Implementation Hints:

An async framework needs:

Async route handlers: Routes can be async functions
Event loop: Run async code
Async middleware: Middleware can await next()
Async database: Database queries are non-blocking
Proper context: Request context per coroutine

Think about:

What’s the difference between async def and regular functions?
What does await do?
Why can async handle more concurrent requests?
How do you prevent blocking operations in async context?
How do you handle errors in async code?

Key insight: With async, one thread can handle thousands of connections:

Request A waits on database → yield to event loop
Request B waits on external API → yield to event loop
Request A’s database responds → resume Request A
etc.

With blocking, one thread = one request.

Learning milestones:

Async route handlers work → You understand async/await
Event loop properly handles multiple requests → You understand concurrency
Async middleware works → You understand composition
Error handling in async works → You understand exception propagation

Project 15: Testing Framework (Quality Assurance)

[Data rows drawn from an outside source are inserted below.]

Definition gen3_tgt (r : gen3) : tm2 (gen3_ar r) :=
  match r as r return tm2 (gen3_ar r) with
  | R_ss => Id2 2
  | R_ybe => C1 (C1 (C0 one GS) (C0 GS one)) (C0 one GS)
  | R_NN => Id2 1
  | R_T2T2 => Id2 2
  | R_T3T3 => Id2 3
  | R_sN1 => C1 (C0 one GN) GS
  | R_s1N => C1 (C0 GN one) GS
  | R_L3 => C1 (C0 one GT2) tL3
  | R_L3' => C1 (C0 GT2 one) tL3'
  | R_L4 => C1 (C0 one GT3) tL4
  | R_L4' => C1 (C0 GT3 one) tL4'
  | R_sT3 => C1 GT3 (C0 GS one)
  end.

(* 3-cell terms of Toff, indexed by (representatives of) source and target *)
Inductive tm3 : forall n, tm2 n -> tm2 n -> Type :=
| Gen3 (r : gen3) : tm3 (gen3_src r) (gen3_tgt r)
| Id3 n (f : tm2 n) : tm3 f f
| C03 n m (f g : tm2 n) (f' g' : tm2 m) :
    tm3 f g -> tm3 f' g' -> tm3 (C0 f f') (C0 g g')
| C13 n (f g h k : tm2 n) :
    tm3 f g -> tm3 h k -> tm3 (C1 f h) (C1 g k)
| C23 n (f g g' h : tm2 n) :
    tm3 f g -> eq2 g g' -> tm3 g' h -> tm3 f h.

(*  3-functors Toff -> Move (with phi( * ) = *, phi(1) = M, hence       *)
(*  phi(n wires) = M^n)                                                 *)

Record functor3 := Functor3 {
  F2 : forall n, tm2 n -> n.-tuple M -> n.-tuple M;
  F2_wd : forall n (f g : tm2 n), eq2 f g -> F2 f =1 F2 g;
  F2_mono : forall n (f : tm2 n), strict_mono (F2 f);
  F2_id : forall n, F2 (Id2 n) =1 id;
  F2_C0 : forall n m (f : tm2 n) (g : tm2 m), F2 (C0 f g) =1 prodmap (F2 f) (F2 g);
  F2_C1 : forall n (f g : tm2 n), F2 (C1 f g) =1 F2 g \o F2 f;
  F3 : forall n (f g : tm2 n), tm3 f g -> cell3M n;
  F3_src : forall n (f g : tm2 n) (a : tm3 f g), c3s (F3 a) =1 F2 f;
  F3_tgt : forall n (f g : tm2 n) (a : tm3 f g), c3t (F3 a) =1 F2 g;
  F3_id : forall n (f : tm2 n),
    c3s (F3 (Id3 f)) =1 F2 f /\ c3t (F3 (Id3 f)) =1 F2 f;
  F3_C0 : forall n m (f g : tm2 n) (f' g' : tm2 m) (a : tm3 f g) (b : tm3 f' g'),
    c3s (F3 (C03 a b)) =1 prodmap (c3s (F3 a)) (c3s (F3 b)) /\
    c3t (F3 (C03 a b)) =1 prodmap (c3t (F3 a)) (c3t (F3 b));
  F3_C1 : forall n (f g h k : tm2 n) (a : tm3 f g) (b : tm3 h k),
    c3s (F3 (C13 a b)) =1 c3s (F3 b) \o c3s (F3 a) /\
    c3t (F3 (C13 a b)) =1 c3t (F3 b) \o c3t (F3 a);
  F3_C2 : forall n (f g g' h : tm2 n) (a : tm3 f g) (e : eq2 g g') (b : tm3 g' h),
    c3s (F3 (C23 a e b)) =1 c3s (F3 a) /\ c3t (F3 (C23 a e b)) =1 c3t (F3 b)
}.

Definition snoc (v : M) (a : letter) : M := rcons v a.

Definition phiS (x : 2.-tuple M) : 2.-tuple M :=
  [tuple snoc (tnth x (@Ordinal 2 1 isT)) Ll; snoc (tnth x (@Ordinal 2 0 isT)) Lr].
Definition phiN (x : 1.-tuple M) : 1.-tuple M := [tuple of map (snoc^~ Lt) x].
Definition phiT2 (x : 2.-tuple M) : 2.-tuple M := [tuple of map (snoc^~ Lt) x].
Definition phiT3 (x : 3.-tuple M) : 3.-tuple M := [tuple of map (snoc^~ Lt) x].

(* phi extends the assignment (on 3-generators, phi(rho) =
   <phi(s_2 rho), phi(t_2 rho)> is enforced by F3_src / F3_tgt) *)
Definition extends_assignment (F : functor3) : Prop :=
  [/\ F2 F GS =1 phiS, F2 F GN =1 phiN, F2 F GT2 =1 phiT2 & F2 F GT3 =1 phiT3].

Definition same_functor (F G : functor3) : Prop :=
  (forall n (f : tm2 n), F2 F f =1 F2 G f) /\
  (forall n (f g : tm2 n) (a : tm3 f g),
      c3s (F3 F a) =1 c3s (F3 G a) /\ c3t (F3 F a) =1 c3t (F3 G a)).

From mathcomp Require Import all_boot.
Set Implicit Arguments.
Unset Strict Implicit.
Unset Printing Implicit Defensive.
Lemma pcompo_suml n m p (I : Type) (r : seq I) (Q : pred I)
    (F : I -> phom P m p) (f : phom P n m) :
  pcompo (\sum_(i <- r | Q i) F i) f = \sum_(i <- r | Q i) pcompo (F i) f.
Proof. exact: (big_morph (pcompo^~ f) (fun g g' => compDl g g' f) (pcompo0l _ _)). Qed.

Lemma pcompo_sumr n m p (I : Type) (r : seq I) (Q : pred I)
    (F : I -> phom P n m) (g : phom P m p) :
  pcompo g (\sum_(i <- r | Q i) F i) = \sum_(i <- r | Q i) pcompo g (F i).
Proof. exact: (big_morph (pcompo g) (compDr g) (pcompo0r _ _)). Qed.

Lemma ptens_suml n m n' m' (I : Type) (r : seq I) (Q : pred I)
    (F : I -> phom P n m) (g : phom P n' m') :
  ptens (\sum_(i <- r | Q i) F i) g = \sum_(i <- r | Q i) ptens (F i) g.
Proof. exact: (big_morph (ptens^~ g) (fun f f' => tensDl f f' g) (ptens0l _ _ _)). Qed.

Lemma interchange0_upper n m p n' m' p' d (g : phom P m p) (g' : phom P m' p')
    (f : phom P n m) (f' : phom P n' m') :
  phomog d f -> phomog 0 g' ->
  pcompo (ptens g g') (ptens f f') = ptens (pcompo g f) (pcompo g' f').
Proof. by move=> hf hg'; rewrite (Defs.interchange g g' f f' hf hg') /ksgn /= scale1r. Qed.

Lemma interchange0_lower n m p n' m' p' d (g : phom P m p) (g' : phom P m' p')
    (f : phom P n m) (f' : phom P n' m') :
  phomog 0 f -> phomog d g' ->
  pcompo (ptens g g') (ptens f f') = ptens (pcompo g f) (pcompo g' f').
Proof. by move=> hf hg'; rewrite (Defs.interchange g g' f f' hf hg') /ksgn /= andbF scale1r. Qed.

End Linearity.

Arguments interchange0_upper {R P n m p n' m' p' d g g' f f'}.
Arguments interchange0_lower {R P n m p n' m' p' d g g' f f'}.

Lemma big_tuple_rcons (V : nmodType) (T : finType) K (F : K.+1.-tuple T -> V) :
  \sum_(a : K.+1.-tuple T) F a = \sum_(t : K.-tuple T) \sum_(x : T) F (rcons_tuple t x).
Proof.
rewrite pair_bigA /= (reindex (fun p : K.-tuple T * T => rcons_tuple p.1 p.2)) //.
apply: onW_bij; apply: inj_card_bij; last by rewrite card_prod !card_tuple expnSr.
by move=> [t x] [t' x'] /(congr1 val) /rcons_inj [/val_inj -> ->].
Qed.

Lemma big_ord_val_eq (V : nmodType) M N (ltNM : (N < M)%N) (F : 'I_M -> V) :
  \sum_(x : 'I_M | val x == N) F x = F (Ordinal ltNM).
Proof. by rewrite (big_pred1 (Ordinal ltNM)) // => x; rewrite /= -val_eqE. Qed.

Lemma sum_split_last (V : nmodType) (I : finType) (s : I -> nat) M N
    (F : nat -> I -> nat -> V) : (N < M)%N ->
  \sum_(i < N.+1) \sum_(t | s t == i) F i t (N - i)%N
  = \sum_t \sum_(x : 'I_M | (s t + x == N)%N) F (s t) t x.
Proof.
move=> ltNM; under eq_bigr do rewrite big_mkcond.
rewrite exchange_big; apply: eq_bigr => t _.
have [le_sN | lt_Ns] := leqP (s t) N.
  have lt_xM : (N - s t < M)%N by apply: leq_ltn_trans (leq_subr _ _) ltNM.
  rewrite -big_mkcond (eq_bigl _ _ (fun i => eq_sym _ _)).
  rewrite (big_ord_val_eq (le_sN : (s t < N.+1)%N)).
  rewrite (eq_bigl (fun x : 'I_M => val x == (N - s t)%N)) ?(big_ord_val_eq lt_xM) // => x.
  by rewrite -{1}(subnKC le_sN) eqn_add2l.
rewrite big1 => [|i _]; last by rewrite (gtn_eqF (leq_trans (ltn_ord i) lt_Ns)).
by rewrite big_pred0 // => x; rewrite gtn_eqF // (leq_trans lt_Ns (leq_addr _ _)).
Qed.

Lemma eq_outs (f g : nat -> nat) K :
  (forall i, (i <= K)%N -> f i = g i) -> outs f K = outs g K.
Proof.
elim: K => [|K IH] eq_fg /=; first exact: eq_fg.
by rewrite IH ?eq_fg // => i le_iK; apply/eq_fg/leqW.
Qed.

Lemma outs_nth (s : seq nat) K :
  (K < size s)%N -> outs (nth 0%N s) K = sumn (take K.+1 s).
Proof.
elim: K => [|K IH] lt_Ks /=; first by rewrite (take_nth 0%N lt_Ks) take0 /= addn0.
by rewrite IH ?(ltnW lt_Ks) // (take_nth 0%N lt_Ks) sumn_rcons.
Qed.

Section Brackets.
Variables (R : comPzRingType) (P : dgProp R) (Del : phom P 1 2) (mu : phom P 2 1).
Hypotheses (hDel : phomog 0 Del) (hmu : phomog 1 mu).
Hypothesis leibniz : pcompo Del mu =
  pcompo (ptens (pid P 1) mu) (ptens Del (pid P 1))
  + pcompo (ptens mu (pid P 1)) (ptens (pid P 1) Del).

Local Notation hcastP := (@hcast (fun x y => phom P x y : Type) _ _ _ _).
Local Notation D := (DeltaS Del).
Local Notation J := (Jn mu).

Lemma DeltaS_succ s :
  D s.+1 = hcastP (erefl 1%N) (addn1_eq s.+1) (pcompo (ptens (D s) (pid P 1)) Del).
Proof. by []. Qed.

Lemma muS_succ k :
  muS mu k.+1 = hcastP (addn1_eq k.+1) (erefl 1%N) (pcompo mu (ptens (muS mu k) (pid P 1))).
Proof. by []. Qed.

Lemma homog_DeltaS s : phomog 0 (D s).
Proof.
elim: s => [|s IH]; first exact: homog_id.
rewrite DeltaS_succ; apply: homog_hcast.
by have := homog_comp (homog_tens IH (homog_id P 1)) hDel; rewrite !addr0.
Qed.

Lemma homog_tens_DeltaS a b : phomog 0 (ptens (D a) (D b)).
Proof. by have := homog_tens (homog_DeltaS a) (homog_DeltaS b); rewrite addr0. Qed.

Lemma homog_muS k : exists d, phomog d (muS mu k).
Proof.
elim: k => [|k [d IH]]; first by exists 0; apply: homog_id.
eexists; rewrite muS_succ; apply: homog_hcast.
exact: homog_comp hmu (homog_tens IH (homog_id P 1)).
Qed.

Lemma pack_Jn_id0 M : pack (J M 0) = pack (ptens (pid P M) mu).
Proof. by rewrite /Jn pack_hcast pack_tens_id0r. Qed.

Lemma pack_Jn_tens_id M a : pack (ptens (J M a) (pid P 1)) = pack (J M a.+1).
Proof.
rewrite /Jn pack_hcast.
rewrite (pack_tens (f' := ptens (ptens (pid P M) mu) (pid P a)) (g' := pid P 1))
  ?pack_hcast // pack_tensA tens_id.
by apply: pack_tens => //; rewrite addn1.
Qed.

Lemma pack_DeltaS_succ_tens_id N :
  pack (ptens (D N.+1) (pid P 1))
  = pack (pcompo (ptens (D N) (pid P 2)) (ptens Del (pid P 1))).
Proof.
transitivity (pack (ptens (pcompo (ptens (D N) (pid P 1)) Del) (pid P 1))).
  by apply: pack_tens => //; rewrite pack_hcast.
rewrite -{2}[pid P 1](comp_idl (pid P 1)) -(interchange0_upper hDel (homog_id P 1)).
by apply: pack_compo => //; rewrite (pack_tensA (D N)) tens_id.
Qed.

Lemma pack_tens_DeltaS_succ i j :
  pack (pcompo (ptens (ptens (D i) (D j)) (pid P 1)) (ptens (pid P 1) Del))
  = pack (ptens (D i) (D j.+1)).
Proof.
transitivity (pack (pcompo (ptens (D i) (ptens (D j) (pid P 1))) (ptens (pid P 1) Del))).
  by apply: pack_compo => //; rewrite pack_tensA.
have hDj : phomog 0 (ptens (D j) (pid P 1)).
  by have := homog_tens (homog_DeltaS j) (homog_id P 1); rewrite addr0.
rewrite (interchange0_lower (homog_id P 1) hDj) comp_idr.
by apply: pack_tens => //; rewrite DeltaS_succ pack_hcast.
Qed.

Lemma pack_leibniz_first N :
  pack (pcompo (ptens (D N) (pid P 1))
          (pcompo (ptens (pid P 1) mu) (ptens Del (pid P 1))))
  = pack (pcompo (J N.+1 0) (ptens (D N.+1) (D 0))).
Proof.
rewrite -Defs.compA (interchange0_lower (homog_id P 1) (homog_id P 1)) comp_idr comp_idl.
symmetry; transitivity (pack (pcompo (ptens (pid P N.+1) mu)
                          (pcompo (ptens (D N) (pid P 2)) (ptens Del (pid P 1))))).
  by apply: pack_compo; [exact: pack_Jn_id0 | exact: pack_DeltaS_succ_tens_id].
by rewrite -Defs.compA (interchange0_lower (homog_DeltaS N) hmu) comp_idl comp_idr.
Qed.

Lemma pack_leibniz_second i j :
  pack (pcompo (ptens (pcompo (J i j) (ptens (D i) (D j))) (pid P 1)) (ptens (pid P 1) Del))
  = pack (pcompo (J i j.+1) (ptens (D i) (D j.+1))).
Proof.
have -> : ptens (pcompo (J i j) (ptens (D i) (D j))) (pid P 1)
        = pcompo (ptens (J i j) (pid P 1)) (ptens (ptens (D i) (D j)) (pid P 1)).
  by rewrite (interchange0_upper (homog_tens_DeltaS i j) (homog_id P 1)) comp_idl.
rewrite Defs.compA.
by apply: pack_compo; [exact: pack_Jn_tens_id | exact: pack_tens_DeltaS_succ].
Qed.

Definition bracket2 N i :=
  recast 2 N.+1 (pcompo (J i (N - i)) (ptens (D i) (D (N - i)))).

Lemma DeltaS_mu N : pcompo (D N) mu = \sum_(i < N.+1) bracket2 N i.
Proof.
elim: N => [|N IH].
  rewrite big_ord1 /bracket2; apply: eq_recast => /=.
  by rewrite comp_idl tens_id comp_idr pack_Jn_id0 tens_id0l.
set X1 := pcompo (ptens (D N) (pid P 1))
            (pcompo (ptens (pid P 1) mu) (ptens Del (pid P 1))).
set X2 := pcompo (ptens (D N) (pid P 1))
            (pcompo (ptens mu (pid P 1)) (ptens (pid P 1) Del)).
have -> : pcompo (D N.+1) mu = recast 2 N.+2 (X1 + X2).
  apply: eq_recast; rewrite -compDr -leibniz -Defs.compA.
  by apply: pack_compo => //; rewrite pack_hcast.
rewrite recastD big_ord_recr addrC /=; congr (_ + _); last first.
  by apply: congr_recast; rewrite subnn pack_leibniz_first.
have -> : X2 = pcompo (ptens (pcompo (D N) mu) (pid P 1)) (ptens (pid P 1) Del).
  by rewrite /X2 -Defs.compA (interchange0_upper hmu (homog_id P 1)) comp_idl.
rewrite IH ptens_suml pcompo_suml recast_sum; apply: eq_bigr => i _.
have le_iN : (i <= N)%N by rewrite -ltnS.
rewrite /bracket2 (subSn le_iN); apply: congr_recast.
rewrite -pack_leibniz_second; apply: pack_compo => //.
by apply: pack_tens => //; rewrite pack_recast // subnKC.
Qed.

Lemma bracket2_muS N i K : (i <= N)%N ->
  recast K.+2 N.+1 (pcompo (bracket2 N i) (ptens (muS mu K) (pid P 1)))
  = recast K.+2 N.+1 (pcompo (J i (N - i)) (ptens (pcompo (D i) (muS mu K)) (D (N - i)))).
Proof.
move=> le_iN; apply: congr_recast; have [d hd] := homog_muS K.
transitivity (pack (pcompo (pcompo (J i (N - i)) (ptens (D i) (D (N - i))))
                          (ptens (muS mu K) (pid P 1)))).
  by apply: pack_compo => //; rewrite pack_recast // subnKC.
by rewrite Defs.compA (interchange0_upper hd (homog_DeltaS (N - i))) comp_idr.
Qed.

Lemma brk_succ f K :
  brk Del mu f K.+1 = hcastP (addn1_eq K.+1) (erefl _)
    (pcompo (J (outs f K) (f K.+1)) (ptens (brk Del mu f K) (D (f K.+1)))).
Proof. by []. Qed.

Lemma pack_brk_ext (f g : nat -> nat) K : (forall i, (i <= K)%N -> f i = g i) ->
  pack (brk Del mu f K) = pack (brk Del mu g K).
Proof.
elim: K => [|K IH] eq_fg; first by rewrite /= eq_fg.
have eq_fgK i : (i <= K)%N -> f i = g i by move=> le_iK; apply/eq_fg/leqW.
rewrite !brk_succ !pack_hcast; apply: pack_compo.
  by rewrite (eq_outs eq_fgK) eq_fg.
by apply: pack_tens; [exact: IH | rewrite eq_fg].
Qed.

Lemma pack_brk_rcons (l : seq nat) K x : size l = K.+1 ->
  pack (brk Del mu (nth 0%N (rcons l x)) K.+1)
  = pack (pcompo (J (sumn l) x)
                 (ptens (tcastT (sumn l).+1 (brk Del mu (nth 0%N l) K)) (D x))).
Proof.
move=> size_l; rewrite brk_succ pack_hcast.
have outs_l : outs (nth 0%N (rcons l x)) K = sumn l.
  by rewrite outs_nth ?size_rcons ?size_l // -cats1 -size_l take_size_cat.
have last_l : nth 0%N (rcons l x) K.+1 = x by rewrite nth_rcons size_l ltnn eqxx.
apply: pack_compo; first by rewrite outs_l last_l.
apply: pack_tens; last by rewrite last_l.
rewrite pack_tcastT; last by rewrite outs_nth ?size_l // take_oversize ?size_l.
by apply: pack_brk_ext => j le_jK; rewrite nth_rcons size_l ltnS le_jK.
Qed.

Main Programming Language: Python
Alternative Programming Languages: Go, Java, JavaScript
Coolness Level: Level 3: Genuinely Clever
Business Potential: 1. The “Resume Gold”
Difficulty: Level 2: Intermediate
Knowledge Area: Testing / Mocking / Test Automation
Software or Tool: pytest, mock, unittest
Main Book: “Test Driven Development: By Example” by Kent Beck

What you’ll build: A testing framework for your web framework itself. Support unit tests, integration tests, fixtures, mocking, and test discovery. Test your router, middleware, handlers, database layer.

Why it teaches web frameworks: Testing is critical for reliability. Building a test framework teaches you how to structure testable code, mock external dependencies, and verify behavior. Major frameworks include testing tools.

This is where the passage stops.